(* Let $R$ be an integral domain and $f\in R[[X]]$. (1) If $f$ is irreducible in $R[[X]]$, then $(f_0)\neq R$, and for any $a,b\in R$ with $f_0=ab$ and $(a,b)=R$ one has $(a)=R$ or $(b)=R$. Conversely, if $(f_1)=R$, $(f_0)\ne R$, and for all $a,b\in R$ with $f_0=ab$ and $(a,b)=R$ one has $(a)=R$ or $(b)=R$, then $f$ is irreducible in $R[[X]]$. (2) If $R$ is a PID and $f$ is irreducible in $R[[X]]$, then either $(f)=(X)$ or $f_0$ is associate to a power of a prime element of $R$. (3) If $R$ is a UFD but not a PID, then there exist irreducible elements of $R[[X]]$ whose constant term is neither zero nor associate to a power of a prime; in fact, if $\pi,\sigma\in R$ are nonassociate primes with $(\pi,\sigma)\neq R$, then $\pi\sigma+XU$ is irreducible in $R[[X]]$ for every unit $U\in R[[X]]$.
   Context: $f_i$ denotes the coefficient of $X^i$ in $f$. A nonzero element $a$ is prime if $(a)$ is a prime ideal. *)

From mathcomp Require Import all_boot all_order all_algebra.
Set Implicit Arguments. Unset Strict Implicit. Unset Printing Implicit Defensive.
Import Order.TTheory GRing.Theory Num.Theory.
Local Open Scope ring_scope.

Section Defs.
Variable R : idomainType.

Definition powser := nat -> R.
Definition ps_eq (f g : powser) : Prop := forall n, f n = g n.
Definition ps_C (c : R) : powser := fun n => if n == 0%N then c else 0.
Definition ps_zero : powser := ps_C 0.
Definition ps_one : powser := ps_C 1.
Definition ps_X : powser := fun n => if n == 1%N then 1 else 0.
Definition ps_add (f g : powser) : powser := fun n => f n + g n.
Definition ps_mul (f g : powser) : powser :=
  fun n => \sum_(i < n.+1) f i * g (n - i)%N.
(* Let $\mathbb F\subseteq\mathbb R$ be a subfield and $X\subseteq\mathbb F^n$ such that $\operatorname{conv}_{\mathbb R}(X\cup\{0\})$ is a polyhedron. Then a nonempty subset $Y\subseteq X$ is a positive weak $\mathbb F$-face of $X$ if and only if there is a linear functional $\varphi\in(\mathbb R^n)^*$ which attains a maximum $M>0$ on $X$ with $Y=\{x\in X:\varphi(x)=M\}$. In particular, if $0$ lies in the relative interior of $\operatorname{conv}_{\mathbb R}(X)$, then a subset $Y\subseteq X$ is a positive weak $\mathbb F$-face of $X$ if and only if $Y\ne X$ and $Y$ is a weak $\mathbb F$-face of $X$.
   Context: $\operatorname{conv}_{\mathbb K}(X)$ ($\mathbb K=\mathbb F$ or $\mathbb R$) is the set of finite combinations $\sum r_sx_s$ with $x_s\in X$, $r_s\in\mathbb K\cap[0,\infty)$, $\sum r_s=1$; for $Y=\operatorname{conv}_{\mathbb K}(X)$, $\operatorname{relint}_{\mathbb K}(Y)=\{x\in Y:\forall y\in Y\ \exists z\in Y,\ t\in\mathbb K\cap(0,1),\ x=ty+(1-t)z\}$ (for $\mathbb K=\mathbb R$ and a polyhedron this is the usual relative interior). $Y\subseteq X$ is a weak $\mathbb F$-face of $X$ if for every $U\subseteq X$, $\operatorname{conv}_{\mathbb F}(Y)\cap\operatorname{relint}_{\mathbb F}(\operatorname{conv}_{\mathbb F}(U))\ne\emptyset$ implies $U\subseteq Y$; a weak $\mathbb F$-face $Y$ is a positive weak $\mathbb F$-face if for every $U\subseteq X$, $\operatorname{conv}_{\mathbb F}(Y)\cap\operatorname{relint}_{\mathbb F}(\operatorname{conv}_{\mathbb F}(U\cup\{0\}))=\emptyset$. A polyhedron is a finite intersection of closed affine half-spaces. *)

From Stdlib Require Fin.
From Stdlib Require Import Reals List.
Import ListNotations.
Open Scope R_scope.

Definition vec (n : nat) := Fin.t n -> R.

Definition vzero {n} : vec n := fun _ => 0.
Definition vadd {n} (x y : vec n) : vec n := fun i => x i + y i.
Definition vscale {n} (c : R) (x : vec n) : vec n := fun i => c * x i.

Definition is_subfield (F : R -> Prop) : Prop :=
  F 0 /\ F 1 /\
  (forall a b, F a -> F b -> F (a + b)) /\
  (forall a, F a -> F (- a)) /\
  (forall a b, F a -> F b -> F (a * b)) /\
  (forall a, F a -> a <> 0 -> F (/ a)).

Definition lincomb {n} (l : list (R * vec n)) : vec n :=
  fold_right (fun p acc => vadd (vscale (fst p) (snd p)) acc) vzero l.
Definition coefsum {n} (l : list (R * vec n)) : R :=
  fold_right (fun p acc => fst p + acc) 0 l.
Lemma Hrk_finite_Y_or_secant (F : fieldType) (I : finType) (Y X : (I -> F) -> Prop) :
  Y_or_secant Y X -> (forall q, nonzero_vec q -> Hrk_finite Y q) ->
  forall q, nonzero_vec q -> Hrk_finite X q.
Proof.
move=> Y_sub_X Y_Hrk q /Y_Hrk [m [m_gt0 [ps [ps_Y ps_q]]]].
exists m; split => //; exists ps; split => // i; have [Y_ps ps_neq0] := ps_Y i.
by split => //; case: Y_sub_X => [-> //|[r [r_gt0 ->]]]; exact: sub_secant.
Qed.

Theorem mainTheorem9 (R : realType) :
  (forall (k n : nat), (1 <= k)%N -> (k < n)%N ->
     forall X, Y_or_secant (@grassmannian R[i] k n) X ->
     forall q, nonzero_vec q -> Hrk_finite X q) /\
  (forall (d n : nat), (1 <= d)%N -> (1 <= n)%N ->
     forall X, Y_or_secant (@tangential R[i] n d) X ->
     forall q, nonzero_vec q -> Hrk_finite X q) /\
  (forall (d n : nat),
     forall X, Y_or_secant (@chow R[i] n d) X ->
     forall q, nonzero_vec q -> Hrk_finite X q) /\
  (forall (n : nat) (ds : seq nat), all (fun x => (0 < x)%N) ds ->
     forall X, Y_or_secant (@reducible R[i] n ds) X ->
     forall q, nonzero_vec q -> Hrk_finite X q).
Proof.
split; [|split; [|split]].
- move=> [|k] n // _ _ X /Hrk_finite_Y_or_secant; apply; exact: grassmannian_Hrk_finite.
- move=> [|d] n // _ _ X /Hrk_finite_Y_or_secant; apply; exact: tangential_Hrk_finite.
- move=> d n X /Hrk_finite_Y_or_secant; apply; exact: chow_Hrk_finite.
- move=> n ds ds_pos X /Hrk_finite_Y_or_secant; apply => q; exact: reducible_Hrk_finite.
Qed.
Lemma csum_cis_roots (N t m : nat) : (t < N)%nat -> (m < N)%nat ->
  csum (fun j => cis (INR j * root_angle N * (INR t - INR m))) N =
  if Nat.eq_dec t m then RtoC (INR N) else RtoC 0.
Proof.
  intros Ht Hm. assert (HN : 0 < INR N) by (apply lt_0_INR; lia).
  destruct (Nat.eq_dec t m) as [<-|Hne].
  - rewrite (csum_ext _ (fun _ => RtoC 1)), csum_const by
      (intros; rewrite <- cis_0; f_equal; ring). ring.
  - set (z := cis (root_angle N * (INR t - INR m))).
    rewrite (csum_ext _ (Cpow z)) by (intros; unfold z; rewrite cis_pow; f_equal; ring).
    assert (HzN : (z ^ N)%C = RtoC 1).
    { unfold z. rewrite cis_pow, <- (cis_2PI_diff t m). f_equal. unfold root_angle. field. lra. }
    assert (Hz1 : (z - 1)%C <> RtoC 0).
    { intros Heq. apply (cis_ne_1 (root_angle N * (INR t - INR m))).
      - assert (Hd : 1 <= Rabs (INR t - INR m) < INR N).
        { destruct (Nat.le_gt_cases m t) as [Hmt|Htm].
          + rewrite <- minus_INR, Rabs_right by (lia || apply Rle_ge, pos_INR).
            split; [apply (le_INR 1) | apply lt_INR]; lia.
          + rewrite Rabs_minus_sym, <- minus_INR, Rabs_right by (lia || apply Rle_ge, pos_INR).
            split; [apply (le_INR 1) | apply lt_INR]; lia. }
        unfold root_angle. rewrite Rabs_mult, (Rabs_right (2 * PI / INR N))
          by (apply Rle_ge, Rdiv_le_0_compat; pose proof PI_RGT_0; lra).
        pose proof PI_RGT_0. split.
        + apply Rmult_lt_0_compat; [apply Rdiv_lt_0_compat|]; lra.
        + apply Rlt_le_trans with (2 * PI / INR N * INR N); [apply Rmult_lt_compat_l|];
            [apply Rdiv_lt_0_compat; lra | lra | right; field; lra].
      - fold z. replace z with ((z - 1) + 1)%C by ring. rewrite Heq. ring. }
    assert (Hgeom := csum_geom z N). rewrite HzN in Hgeom.
    replace (csum (Cpow z) N) with (csum (Cpow z) N * (z - 1) / (z - 1))%C by (field; exact Hz1).
    rewrite Hgeom. replace (RtoC 1 - RtoC 1)%C with (RtoC 0) by ring. field. exact Hz1.
Qed.

Section UnitVectorsMeanZero.
Variables (N : nat) (e : nat -> C).
Hypothesis Cmod_e : forall j, Cmod (e j) = 1.
Hypothesis csum_e : csum e N = RtoC 0.

Let rsum_Re_e : rsum (fun j => Re (e j)) N = 0.
Proof. rewrite <- csum_Re, csum_e. reflexivity. Qed.

Let rsum_Im_e : rsum (fun j => Im (e j)) N = 0.
Proof. rewrite <- csum_Im, csum_e. reflexivity. Qed.

Let Re_Im_e (j : nat) : Re (e j) ^ 2 + Im (e j) ^ 2 = 1.
Proof. now rewrite <- Cmod2_alt, Cmod_e, pow1. Qed.

Lemma rsum_Cmod_sqr_plus (X Y : C) :
  rsum (fun j => Cmod (X + Y * e j)%C ^ 2) N = INR N * (Cmod X ^ 2 + Cmod Y ^ 2).
Proof.
  rewrite (rsum_ext _ (fun j => (Re X ^ 2 + Im X ^ 2 + (Re Y ^ 2 + Im Y ^ 2))
     + 2 * (Re X * Re Y + Im X * Im Y) * Re (e j)
     + 2 * (Im X * Re Y - Re X * Im Y) * Im (e j))).
  - rewrite !rsum_plus, !rsum_mult_l, !rsum_const, rsum_Re_e, rsum_Im_e, !Cmod2_alt. ring.
  - intros j _. rewrite Cmod2_alt. pose proof (Re_Im_e j). unfold Re, Im in *. simpl. nra.
Qed.

(* Bessel's inequality for the orthogonal pair [1, e] of vectors of norm [sqrt N]. *)
Lemma bessel_pair (u : nat -> C) : (0 < N)%nat ->
  Cmod (csum u N) ^ 2 + Cmod (csum (fun j => u j * Cconj (e j))%C N) ^ 2
  <= INR N * rsum (fun j => Cmod (u j) ^ 2) N.
Proof.
  intros HN. assert (HNr : 0 < INR N) by (apply lt_0_INR; lia).
  set (p := fun j => Re (u j)). set (q := fun j => Im (u j)).
  set (c := fun j => Re (e j)). set (s := fun j => Im (e j)).
  set (P1 := rsum p N). set (P2 := rsum q N).
  set (Q1 := rsum (fun j => p j * c j + q j * s j) N).
  set (Q2 := rsum (fun j => q j * c j - p j * s j) N).
  replace (Cmod (csum u N) ^ 2) with (P1 ^ 2 + P2 ^ 2)
    by (rewrite Cmod2_alt, csum_Re, csum_Im; reflexivity).
  replace (Cmod (csum (fun j => u j * Cconj (e j))%C N) ^ 2) with (Q1 ^ 2 + Q2 ^ 2)
    by (rewrite Cmod2_alt, csum_Re, csum_Im; f_equal; f_equal; apply rsum_ext;
        intros; unfold p, q, c, s, Re, Im; simpl; ring).
  set (T := rsum (fun j => p j ^ 2 + q j ^ 2) N).
  replace (rsum (fun j => Cmod (u j) ^ 2) N) with T
    by (apply rsum_ext; intros; rewrite Cmod2_alt; reflexivity).
  (* [0 <= sum |u_j - A - B e_j|^2] for the Fourier coefficients [A], [B] of [u] along [1], [e]. *)
  set (A1 := P1 / INR N). set (A2 := P2 / INR N). set (B1 := Q1 / INR N). set (B2 := Q2 / INR N).
  assert (H0 : 0 <= rsum (fun j => (p j - A1 - (B1 * c j - B2 * s j)) ^ 2
                                 + (q j - A2 - (B1 * s j + B2 * c j)) ^ 2) N).
  { apply rsum_nonneg. intros; apply Rplus_le_le_0_compat; apply pow2_ge_0. }
  rewrite (rsum_ext _ (fun j => (p j ^ 2 + q j ^ 2) + (-2 * A1) * p j + (-2 * A2) * q j
      + (-2 * B1) * (p j * c j + q j * s j) + (-2 * B2) * (q j * c j - p j * s j)
      + (A1 ^ 2 + A2 ^ 2 + B1 ^ 2 + B2 ^ 2) + (2 * (A1 * B1 + A2 * B2)) * c j
      + (2 * (A2 * B1 - A1 * B2)) * s j)) in H0
    by (intros j _; pose proof (Re_Im_e j); unfold c, s in *; nra).
  rewrite !rsum_plus, !rsum_mult_l, !rsum_const in H0.
  fold P1 P2 Q1 Q2 in H0. unfold c, s in H0. rewrite rsum_Re_e, rsum_Im_e in H0.
  replace T with (rsum (fun j => p j ^ 2) N + rsum (fun j => q j ^ 2) N)
    by (symmetry; apply rsum_plus).
  assert (P1 = INR N * A1) by (unfold A1; field; lra).
  assert (P2 = INR N * A2) by (unfold A2; field; lra).
  assert (Q1 = INR N * B1) by (unfold B1; field; lra).
  assert (Q2 = INR N * B2) by (unfold B2; field; lra).
  clearbody A1 A2 B1 B2. subst P1 P2 Q1 Q2. nra.
Qed.
End UnitVectorsMeanZero.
::::::::
Copy word for word the stretch of entries above from the line that has "[apply Rdiv_lt_0_compat|]; lra." through the line that has "Proof. now rewrite", both ends included, and nothing outside it.

        + apply Rmult_lt_0_compat; [apply Rdiv_lt_0_compat|]; lra.
        + apply Rlt_le_trans with (2 * PI / INR N * INR N); [apply Rmult_lt_compat_l|];
            [apply Rdiv_lt_0_compat; lra | lra | right; field; lra].
      - fold z. replace z with ((z - 1) + 1)%C by ring. rewrite Heq. ring. }
    assert (Hgeom := csum_geom z N). rewrite HzN in Hgeom.
    replace (csum (Cpow z) N) with (csum (Cpow z) N * (z - 1) / (z - 1))%C by (field; exact Hz1).
    rewrite Hgeom. replace (RtoC 1 - RtoC 1)%C with (RtoC 0) by ring. field. exact Hz1.
Qed.

Section UnitVectorsMeanZero.
Variables (N : nat) (e : nat -> C).
Hypothesis Cmod_e : forall j, Cmod (e j) = 1.
Hypothesis csum_e : csum e N = RtoC 0.

Let rsum_Re_e : rsum (fun j => Re (e j)) N = 0.
Proof. rewrite <- csum_Re, csum_e. reflexivity. Qed.

Let rsum_Im_e : rsum (fun j => Im (e j)) N = 0.
Proof. rewrite <- csum_Im, csum_e. reflexivity. Qed.

Let Re_Im_e (j : nat) : Re (e j) ^ 2 + Im (e j) ^ 2 = 1.
Proof. now rewrite <- Cmod2_alt, Cmod_e, pow1. Qed.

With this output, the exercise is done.